= Beginning of Section =
Section XLn2.
Variable R : realType.
Implicit Types a x y : R.

Definition xln2 x : R := if x == 0 then 0 else x * ln x ^+ 2.

Lemma ln_le_subr1 x : 0 < x -> ln x <= x - 1.
Proof.
move=> x_gt0; have -> : x = 1 + (x - 1) by ring.
rewrite addrAC subrr add0r le_ln1Dx //; lra.
Qed.

Lemma mulr_Nln_ge0_le1 x : 0 < x -> x <= 1 -> 0 <= x * - ln x <= 1.
Proof.
move=> x_gt0 x_le1.
rewrite mulr_ge0 ?oppr_ge0 ?ln_le0 ?(ltW x_gt0) //= -lnV ?posrE //.
have /ln_sublinear/ltW lnV_le : 0 < x^-1 by rewrite invr_gt0.
by rewrite -(mulfV (lt0r_neq0 x_gt0)) ler_wpM2l // ltW.
Qed.

(* Writing x = s^2, x ln^2 x = 4 (s ln s)^2 and |s ln s| <= 1. *)
Lemma xln2_le4 x : 0 < x -> x <= 1 -> x * ln x ^+ 2 <= 4.
Proof.
move=> x_gt0 x_le1; set s := Num.sqrt x.
have s_gt0 : 0 < s by rewrite sqrtr_gt0.
have ssx : s * s = x by rewrite -expr2 sqr_sqrtr // ltW.
have s_le1 : s <= 1 by rewrite -sqrtr1 ler_sqrt.
have /andP[sNln_ge0 sNln_le1] := mulr_Nln_ge0_le1 s_gt0 s_le1.
rewrite -ssx lnM ?posrE //.
have -> : s * s * (ln s + ln s) ^+ 2 = 4 * (s * - ln s) ^+ 2 by ring.
have : (s * - ln s) ^+ 2 <= 1 by rewrite expr2; nra.
lra.
Qed.

Lemma xln2_small a x : 0 < a -> 0 <= x -> x <= a ->
  0 <= xln2 x <= 2 * a * (4 + ln a ^+ 2).
Proof.
move=> a_gt0 x_ge0 x_le_a.
have bound_ge0 : 0 <= 2 * a * (4 + ln a ^+ 2).
  by rewrite !mulr_ge0 ?addr_ge0 ?sqr_ge0 ?ltW.
rewrite /xln2; case: ifP => [_|/negbT x_neq0]; first by rewrite lexx.
have x_gt0 : 0 < x by rewrite lt0r x_neq0.
set t := x / a.
have t_gt0 : 0 < t by rewrite divr_gt0.
have t_le1 : t <= 1 by rewrite ler_pdivrMr // mul1r.
have xE : x = t * a by rewrite /t mulfVK // lt0r_neq0.
apply/andP; split; first by rewrite mulr_ge0 ?sqr_ge0 // ltW.
have := xln2_le4 t_gt0 t_le1.
rewrite xE lnM ?posrE //.
set u := ln t; set v := ln a => tu.
have tv : t * v ^+ 2 <= v ^+ 2 by rewrite ler_piMl // sqr_ge0.
have : t * (u + v) ^+ 2 <= 2 * (t * u ^+ 2 + t * v ^+ 2).
  have : 0 <= t * (u - v) ^+ 2 by rewrite mulr_ge0 ?sqr_ge0 ?ltW.
  rewrite !expr2; nra.
have -> : t * a * (u + v) ^+ 2 = a * (t * (u + v) ^+ 2) by ring.
nra.
Qed.

Lemma xln2_lipschitz a x y : 0 < a -> a <= x <= 1 -> a <= y <= 1 ->
  `|xln2 x - xln2 y| <= `|x - y| * (ln a ^+ 2 - 2 * ln a).
Proof.
move=> a_gt0; wlog xy : x y / x <= y => [hwlog hx hy|].
  have [xy|/ltW xy] := leP x y; first exact: hwlog.
  by rewrite distrC [`|x - y|]distrC hwlog.
move=> /andP[ax _] /andP[_ y_le1].
have x_gt0 : 0 < x by apply: lt_le_trans ax.
have y_gt0 : 0 < y by apply: lt_le_trans xy.
rewrite /xln2 (negbTE (lt0r_neq0 x_gt0)) (negbTE (lt0r_neq0 y_gt0)).
have -> : `|x - y| = y - x by rewrite distrC ger0_norm // subr_ge0.
rewrite distrC.
set L := ln a; set lx := ln x; set ly := ln y.
have L_le_lx : L <= lx by rewrite ler_ln ?posrE.
have lx_le_ly : lx <= ly by rewrite ler_ln ?posrE.
have ly_le0 : ly <= 0 by rewrite ln_le0.
set d := y - x; set e := x * (ly - lx).
have e_le_d : e <= d.
  rewrite /e /lx /ly -ln_div ?posrE //.
  have -> : d = x * (y / x - 1) by rewrite mulrBr mulr1 mulrC mulfVK // lt0r_neq0.
  by rewrite ler_wpM2l ?ln_le_subr1 ?divr_gt0 // ltW.
have e_ge0 : 0 <= e by rewrite mulr_ge0 ?subr_ge0 // ltW.
have -> : y * ly ^+ 2 - x * lx ^+ 2 = d * ly ^+ 2 + e * (ly + lx) by rewrite /d /e; ring.
have d_ge0 : 0 <= d by rewrite subr_ge0.
have sqr_part : 0 <= d * ly ^+ 2 <= d * L ^+ 2.
  by rewrite mulr_ge0 ?sqr_ge0 //= ler_wpM2l //; nra.
have cross_part : `|e * (ly + lx)| <= - 2 * L * d.
  rewrite normrM ger0_norm // ler0_norm; last by lra.
  have : 0 <= e * (- 2 * L + (ly + lx)) by rewrite mulr_ge0 //; lra.
  have : 0 <= (d - e) * (- 2 * L) by rewrite mulr_ge0 //; lra.
  nra.
case/andP: sqr_part => dly2_ge0 dly2_le.
apply: le_trans (ler_normD _ _) _; rewrite ger0_norm //; lra.
Qed.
= End of Section =
§ **ABOUT THIS TASK**
Hand back the listing exactly. Include every line.

§ **ANSWER TO THIS PROBLEM**
Section XLn2.
Variable R : realType.
Implicit Types a x y : R.

Definition xln2 x : R := if x == 0 then 0 else x * ln x ^+ 2.

Lemma ln_le_subr1 x : 0 < x -> ln x <= x - 1.
Proof.
move=> x_gt0; have -> : x = 1 + (x - 1) by ring.
rewrite addrAC subrr add0r le_ln1Dx //; lra.
Qed.

Lemma mulr_Nln_ge0_le1 x : 0 < x -> x <= 1 -> 0 <= x * - ln x <= 1.
Proof.
move=> x_gt0 x_le1.
rewrite mulr_ge0 ?oppr_ge0 ?ln_le0 ?(ltW x_gt0) //= -lnV ?posrE //.
have /ln_sublinear/ltW lnV_le : 0 < x^-1 by rewrite invr_gt0.
by rewrite -(mulfV (lt0r_neq0 x_gt0)) ler_wpM2l // ltW.
Qed.

(* Writing x = s^2, x ln^2 x = 4 (s ln s)^2 and |s ln s| <= 1. *)
Lemma xln2_le4 x : 0 < x -> x <= 1 -> x * ln x ^+ 2 <= 4.
Proof.
move=> x_gt0 x_le1; set s := Num.sqrt x.
have s_gt0 : 0 < s by rewrite sqrtr_gt0.
have ssx : s * s = x by rewrite -expr2 sqr_sqrtr // ltW.
have s_le1 : s <= 1 by rewrite -sqrtr1 ler_sqrt.
have /andP[sNln_ge0 sNln_le1] := mulr_Nln_ge0_le1 s_gt0 s_le1.
rewrite -ssx lnM ?posrE //.
have -> : s * s * (ln s + ln s) ^+ 2 = 4 * (s * - ln s) ^+ 2 by ring.
have : (s * - ln s) ^+ 2 <= 1 by rewrite expr2; nra.
lra.
Qed.

Lemma xln2_small a x : 0 < a -> 0 <= x -> x <= a ->
  0 <= xln2 x <= 2 * a * (4 + ln a ^+ 2).
Proof.
move=> a_gt0 x_ge0 x_le_a.
have bound_ge0 : 0 <= 2 * a * (4 + ln a ^+ 2).
  by rewrite !mulr_ge0 ?addr_ge0 ?sqr_ge0 ?ltW.
rewrite /xln2; case: ifP => [_|/negbT x_neq0]; first by rewrite lexx.
have x_gt0 : 0 < x by rewrite lt0r x_neq0.
set t := x / a.
have t_gt0 : 0 < t by rewrite divr_gt0.
have t_le1 : t <= 1 by rewrite ler_pdivrMr // mul1r.
have xE : x = t * a by rewrite /t mulfVK // lt0r_neq0.
apply/andP; split; first by rewrite mulr_ge0 ?sqr_ge0 // ltW.
have := xln2_le4 t_gt0 t_le1.
rewrite xE lnM ?posrE //.
set u := ln t; set v := ln a => tu.
have tv : t * v ^+ 2 <= v ^+ 2 by rewrite ler_piMl // sqr_ge0.
have : t * (u + v) ^+ 2 <= 2 * (t * u ^+ 2 + t * v ^+ 2).
  have : 0 <= t * (u - v) ^+ 2 by rewrite mulr_ge0 ?sqr_ge0 ?ltW.
  rewrite !expr2; nra.
have -> : t * a * (u + v) ^+ 2 = a * (t * (u + v) ^+ 2) by ring.
nra.
Qed.

Lemma xln2_lipschitz a x y : 0 < a -> a <= x <= 1 -> a <= y <= 1 ->
  `|xln2 x - xln2 y| <= `|x - y| * (ln a ^+ 2 - 2 * ln a).
Proof.
move=> a_gt0; wlog xy : x y / x <= y => [hwlog hx hy|].
  have [xy|/ltW xy] := leP x y; first exact: hwlog.
  by rewrite distrC [`|x - y|]distrC hwlog.
move=> /andP[ax _] /andP[_ y_le1].
have x_gt0 : 0 < x by apply: lt_le_trans ax.
have y_gt0 : 0 < y by apply: lt_le_trans xy.
rewrite /xln2 (negbTE (lt0r_neq0 x_gt0)) (negbTE (lt0r_neq0 y_gt0)).
have -> : `|x - y| = y - x by rewrite distrC ger0_norm // subr_ge0.
rewrite distrC.
set L := ln a; set lx := ln x; set ly := ln y.
have L_le_lx : L <= lx by rewrite ler_ln ?posrE.
have lx_le_ly : lx <= ly by rewrite ler_ln ?posrE.
have ly_le0 : ly <= 0 by rewrite ln_le0.
set d := y - x; set e := x * (ly - lx).
have e_le_d : e <= d.
  rewrite /e /lx /ly -ln_div ?posrE //.
  have -> : d = x * (y / x - 1) by rewrite mulrBr mulr1 mulrC mulfVK // lt0r_neq0.
  by rewrite ler_wpM2l ?ln_le_subr1 ?divr_gt0 // ltW.
have e_ge0 : 0 <= e by rewrite mulr_ge0 ?subr_ge0 // ltW.
have -> : y * ly ^+ 2 - x * lx ^+ 2 = d * ly ^+ 2 + e * (ly + lx) by rewrite /d /e; ring.
have d_ge0 : 0 <= d by rewrite subr_ge0.
have sqr_part : 0 <= d * ly ^+ 2 <= d * L ^+ 2.
  by rewrite mulr_ge0 ?sqr_ge0 //= ler_wpM2l //; nra.
have cross_part : `|e * (ly + lx)| <= - 2 * L * d.
  rewrite normrM ger0_norm // ler0_norm; last by lra.
  have : 0 <= e * (- 2 * L + (ly + lx)) by rewrite mulr_ge0 //; lra.
  have : 0 <= (d - e) * (- 2 * L) by rewrite mulr_ge0 //; lra.
  nra.
case/andP: sqr_part => dly2_ge0 dly2_le.
apply: le_trans (ler_normD _ _) _; rewrite ger0_norm //; lra.
Qed.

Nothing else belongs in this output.